**YOUR TASK**
Look through the records and copy every line in which "forall" appears.

**DATASET RECORDS**
::::::::
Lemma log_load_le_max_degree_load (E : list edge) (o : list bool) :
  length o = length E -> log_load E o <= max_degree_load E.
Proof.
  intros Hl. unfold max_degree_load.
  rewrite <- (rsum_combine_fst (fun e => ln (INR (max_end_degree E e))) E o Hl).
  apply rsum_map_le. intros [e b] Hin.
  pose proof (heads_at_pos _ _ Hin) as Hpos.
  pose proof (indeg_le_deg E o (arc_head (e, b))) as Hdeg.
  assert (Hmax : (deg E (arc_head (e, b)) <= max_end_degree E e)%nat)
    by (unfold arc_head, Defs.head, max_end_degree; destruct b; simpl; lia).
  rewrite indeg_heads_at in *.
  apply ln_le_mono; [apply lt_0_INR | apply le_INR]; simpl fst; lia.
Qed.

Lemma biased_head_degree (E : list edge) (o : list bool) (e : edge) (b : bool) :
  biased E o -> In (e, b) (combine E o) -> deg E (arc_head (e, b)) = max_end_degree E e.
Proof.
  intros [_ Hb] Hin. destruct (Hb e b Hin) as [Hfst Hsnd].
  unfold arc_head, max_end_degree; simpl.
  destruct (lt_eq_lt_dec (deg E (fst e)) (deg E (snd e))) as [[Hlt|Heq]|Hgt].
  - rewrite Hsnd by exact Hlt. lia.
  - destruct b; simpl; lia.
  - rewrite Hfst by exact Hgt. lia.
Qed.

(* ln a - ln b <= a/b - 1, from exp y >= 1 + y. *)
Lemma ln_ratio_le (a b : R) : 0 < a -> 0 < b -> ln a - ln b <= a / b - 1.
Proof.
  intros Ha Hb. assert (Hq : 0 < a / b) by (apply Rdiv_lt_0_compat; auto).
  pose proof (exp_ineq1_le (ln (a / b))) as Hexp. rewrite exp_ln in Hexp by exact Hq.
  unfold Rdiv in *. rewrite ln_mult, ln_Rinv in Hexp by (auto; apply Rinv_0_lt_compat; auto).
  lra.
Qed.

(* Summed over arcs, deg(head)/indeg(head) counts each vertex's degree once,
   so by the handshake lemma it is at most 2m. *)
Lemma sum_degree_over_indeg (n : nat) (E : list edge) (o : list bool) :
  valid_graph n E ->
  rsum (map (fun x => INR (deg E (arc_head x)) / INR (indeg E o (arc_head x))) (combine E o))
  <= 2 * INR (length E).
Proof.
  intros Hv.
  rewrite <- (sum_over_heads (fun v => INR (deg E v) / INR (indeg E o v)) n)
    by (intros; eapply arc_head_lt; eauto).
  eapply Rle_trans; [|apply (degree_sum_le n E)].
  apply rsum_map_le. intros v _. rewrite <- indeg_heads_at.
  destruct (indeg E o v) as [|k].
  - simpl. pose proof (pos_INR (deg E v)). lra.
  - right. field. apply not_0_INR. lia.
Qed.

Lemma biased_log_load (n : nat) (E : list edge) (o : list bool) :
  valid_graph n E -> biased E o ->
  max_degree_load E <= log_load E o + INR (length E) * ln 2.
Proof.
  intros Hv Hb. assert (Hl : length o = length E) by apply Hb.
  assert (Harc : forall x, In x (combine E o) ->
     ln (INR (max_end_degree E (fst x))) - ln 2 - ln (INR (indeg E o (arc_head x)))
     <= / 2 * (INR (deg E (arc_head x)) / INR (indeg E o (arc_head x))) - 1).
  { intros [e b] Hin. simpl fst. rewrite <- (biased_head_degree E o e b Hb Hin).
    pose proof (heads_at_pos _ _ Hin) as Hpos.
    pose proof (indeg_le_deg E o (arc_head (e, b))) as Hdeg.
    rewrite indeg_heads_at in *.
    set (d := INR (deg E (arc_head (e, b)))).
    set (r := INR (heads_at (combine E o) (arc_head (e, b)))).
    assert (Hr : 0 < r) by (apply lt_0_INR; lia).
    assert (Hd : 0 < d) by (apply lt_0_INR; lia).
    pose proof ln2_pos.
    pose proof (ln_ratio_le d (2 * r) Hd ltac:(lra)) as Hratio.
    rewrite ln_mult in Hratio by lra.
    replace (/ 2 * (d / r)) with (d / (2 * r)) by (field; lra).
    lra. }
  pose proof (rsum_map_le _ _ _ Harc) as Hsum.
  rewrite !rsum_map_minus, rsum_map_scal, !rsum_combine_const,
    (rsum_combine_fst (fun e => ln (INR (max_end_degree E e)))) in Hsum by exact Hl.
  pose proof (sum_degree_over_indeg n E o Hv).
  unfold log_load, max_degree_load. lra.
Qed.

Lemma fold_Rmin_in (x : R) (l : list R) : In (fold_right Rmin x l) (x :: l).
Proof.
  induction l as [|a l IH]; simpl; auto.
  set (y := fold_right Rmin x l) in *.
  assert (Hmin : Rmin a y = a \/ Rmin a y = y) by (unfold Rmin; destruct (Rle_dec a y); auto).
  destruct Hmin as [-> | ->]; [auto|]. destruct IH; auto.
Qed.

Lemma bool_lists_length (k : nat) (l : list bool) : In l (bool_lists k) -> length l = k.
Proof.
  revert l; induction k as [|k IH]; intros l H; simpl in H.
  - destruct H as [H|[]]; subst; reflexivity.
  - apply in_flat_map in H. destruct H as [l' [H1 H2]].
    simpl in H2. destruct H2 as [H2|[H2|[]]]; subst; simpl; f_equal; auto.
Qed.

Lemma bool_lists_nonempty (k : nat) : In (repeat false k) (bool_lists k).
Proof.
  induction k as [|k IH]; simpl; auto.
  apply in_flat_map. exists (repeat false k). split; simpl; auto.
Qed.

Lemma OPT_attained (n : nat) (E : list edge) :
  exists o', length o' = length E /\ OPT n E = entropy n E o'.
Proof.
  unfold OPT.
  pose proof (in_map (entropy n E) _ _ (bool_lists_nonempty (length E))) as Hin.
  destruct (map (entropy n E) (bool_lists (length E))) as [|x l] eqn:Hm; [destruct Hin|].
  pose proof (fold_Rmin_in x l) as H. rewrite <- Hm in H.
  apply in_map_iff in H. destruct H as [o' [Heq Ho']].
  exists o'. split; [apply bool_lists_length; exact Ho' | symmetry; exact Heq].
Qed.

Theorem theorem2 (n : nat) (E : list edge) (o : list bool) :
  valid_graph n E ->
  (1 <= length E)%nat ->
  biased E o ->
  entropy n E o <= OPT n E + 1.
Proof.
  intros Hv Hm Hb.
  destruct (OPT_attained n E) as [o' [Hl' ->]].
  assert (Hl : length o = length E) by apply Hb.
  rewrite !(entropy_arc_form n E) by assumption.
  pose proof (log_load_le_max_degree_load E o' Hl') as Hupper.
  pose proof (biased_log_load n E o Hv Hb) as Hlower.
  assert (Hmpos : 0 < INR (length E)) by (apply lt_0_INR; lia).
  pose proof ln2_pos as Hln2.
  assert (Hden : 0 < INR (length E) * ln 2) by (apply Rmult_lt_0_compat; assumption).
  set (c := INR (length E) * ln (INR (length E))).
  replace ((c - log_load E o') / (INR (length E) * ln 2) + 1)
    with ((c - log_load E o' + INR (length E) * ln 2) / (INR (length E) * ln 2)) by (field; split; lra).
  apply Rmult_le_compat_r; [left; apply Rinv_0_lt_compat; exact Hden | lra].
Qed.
::::::::
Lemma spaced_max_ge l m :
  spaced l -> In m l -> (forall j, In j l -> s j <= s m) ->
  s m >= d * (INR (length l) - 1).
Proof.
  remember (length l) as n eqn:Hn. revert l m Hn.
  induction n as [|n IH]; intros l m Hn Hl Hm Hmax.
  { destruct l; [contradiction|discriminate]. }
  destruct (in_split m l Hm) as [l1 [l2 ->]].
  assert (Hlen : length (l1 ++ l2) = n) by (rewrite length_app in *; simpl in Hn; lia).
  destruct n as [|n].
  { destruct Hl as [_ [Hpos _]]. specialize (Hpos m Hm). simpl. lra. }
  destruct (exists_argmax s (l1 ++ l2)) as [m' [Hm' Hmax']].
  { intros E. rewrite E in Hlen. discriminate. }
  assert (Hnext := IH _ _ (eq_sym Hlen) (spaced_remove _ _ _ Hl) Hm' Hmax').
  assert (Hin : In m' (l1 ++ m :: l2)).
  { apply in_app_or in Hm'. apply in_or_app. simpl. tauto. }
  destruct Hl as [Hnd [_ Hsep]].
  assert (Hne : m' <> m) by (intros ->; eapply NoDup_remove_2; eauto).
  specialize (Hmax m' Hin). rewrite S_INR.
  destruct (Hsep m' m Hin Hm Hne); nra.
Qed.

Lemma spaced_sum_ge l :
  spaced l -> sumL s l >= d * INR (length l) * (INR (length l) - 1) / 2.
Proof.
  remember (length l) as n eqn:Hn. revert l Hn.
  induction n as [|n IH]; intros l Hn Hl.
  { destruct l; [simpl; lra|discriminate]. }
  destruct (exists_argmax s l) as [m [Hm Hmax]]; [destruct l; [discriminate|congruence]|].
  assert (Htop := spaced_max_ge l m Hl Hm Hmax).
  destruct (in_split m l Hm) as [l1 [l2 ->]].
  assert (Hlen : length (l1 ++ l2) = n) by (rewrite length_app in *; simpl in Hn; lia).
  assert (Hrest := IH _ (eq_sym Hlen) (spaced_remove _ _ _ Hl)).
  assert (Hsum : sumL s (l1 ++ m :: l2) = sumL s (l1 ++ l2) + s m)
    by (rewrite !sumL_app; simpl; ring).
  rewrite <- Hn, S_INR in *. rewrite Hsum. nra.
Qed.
::::::::
**RESULT OF THE EXERCISE**
  assert (Harc : forall x, In x (combine E o) ->
  spaced l -> In m l -> (forall j, In j l -> s j <= s m) ->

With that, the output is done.